**Data in this exercise**
Lemma npaths_gt0_eventually n (v : Vt n) :
  eventually (fun M => forall w : Vt M, 0 < npaths v w).
Proof.
apply: NNPP => hneg.
have hz M : n <= M -> exists w : Vt M, npaths v w = 0.
  move=> hM; apply: NNPP => h; apply: hneg; exists M.
  apply: npaths_gt0_up => // w; rewrite lt0n; apply/eqP => e; apply: h; by exists w.
have [x hx] := koenig_path (Q := fun M (w : Vt M) => npaths v w = 0)
  (fun M e hM => npaths_eq0_src hM) hz.
have [y [hy _]] : exists y : P, src (sval y n) = v /\ src (sval y n) = v.
  by apply: path_through2; rewrite ?npaths_diag ?eqxx.
case: (hm x y n.+1) => g [[k gk] cy].
have gM : in_Gn (maxn k n) g by apply: Gn_mono gk; rewrite leq_maxl.
have := npaths_along_path (g x) (leq_maxr k n).
by rewrite (Gn_src gM) (cy n) // hy hx ?leq_maxr.
Qed.

(* The product of the swaps of a with b and of a with c has vanishing
   signatures from level m on, and it moves a. *)
Lemma even_elt_all (g : P -> P) : in_G g -> even_elt g.
Proof.
case: hs => _ /(_ _ even_elt_normal) [htriv|]; last exact.
exfalso; case: (three_prefixes hc hm) => m [a [b [c [tab tac nab nac nbc]]]].
pose h := swap m a b \o swap m a c.
have hG : in_Gn m h by apply: Gn_comp; apply: swap_Gn.
have hN : even_elt h.
  split; first by exists m.
  exists m => M hM; split; first exact: Gn_mono hM hG.
  move=> w; rewrite signatureM; try exact: Gn_mono hM (swap_Gn _ _).
  by rewrite (signature_swap tab nab) // (signature_swap tac nac) // addbb.
have := htriv h hN a; rewrite /h /= (swap_a c (fun _ _ => erefl)).
have hs' : src (sval c m) = src (sval a m) by rewrite -tac.
have hcy : cyl m c (splice m c a) := cyl_splice hs'.
rewrite swap_out // => [e|h'|h'].
- by apply: nac; apply: cyl_sym; move: hcy; rewrite e.
- by apply: nac; apply: cyl_trans h' (cyl_sym hcy).
- by apply: nbc; apply: cyl_trans h' (cyl_sym hcy).
Qed.
Lemma family_star f : f \in pfamily e0 S joining ->
  [/\ {in f @: S, forall e, exists2 s, s \in S & joins G e u s},
      {in S, forall s, exists2 e, e \in f @: S & joins G e u s},
      (forall e e' s, e \in f @: S -> e' \in f @: S ->
         joins G e u s -> joins G e' u s -> e = e'),
      f @: S \subset eset G & f @: S \subset incident].
Proof.
move=> fP; split.
- by move=> _ /imsetP[v vS ->]; exists v => //; case/andP: (family_joins fP vS).
- move=> s sS; exists (f s); first exact: imset_f.
  by case/andP: (family_joins fP sS).
- move=> _ _ s /imsetP[v vS ->] /imsetP[w wS ->] /(family_same fP vS)->.
  by move/(family_same fP wS)->.
- by apply/subsetP => _ /imsetP[v vS ->]; case/andP: (family_joins fP vS).
- apply/subsetP => _ /imsetP[v vS ->]; case/andP: (family_joins fP vS) => _.
  exact: incident_joins.
Qed.

Lemma family_spanning_tree f F : f \in pfamily e0 S joining -> F \subset eset HS ->
  spanning_tree G (F :|: f @: S) = spanning_tree HS F.
Proof.
move=> fP FH; have [star_end star_cover star_uniq star_sub _] := family_star fP.
by rewrite (spanning_tree_star pick_S u_notin_S star_end star_cover star_uniq star_sub)
  ?S_vset.
Qed.

Lemma glue_spanning p : p \in D -> spanning_tree G (glue p).
Proof.
case: p => f F /setXP[]; rewrite !in_set /= => fP FS.
by rewrite /glue /= family_spanning_tree // (spanning_tree_sub FS).
Qed.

**Work to be completed**
What is the number of lines in the material above that include the string "apply"? Give only that number.

**Reply**
11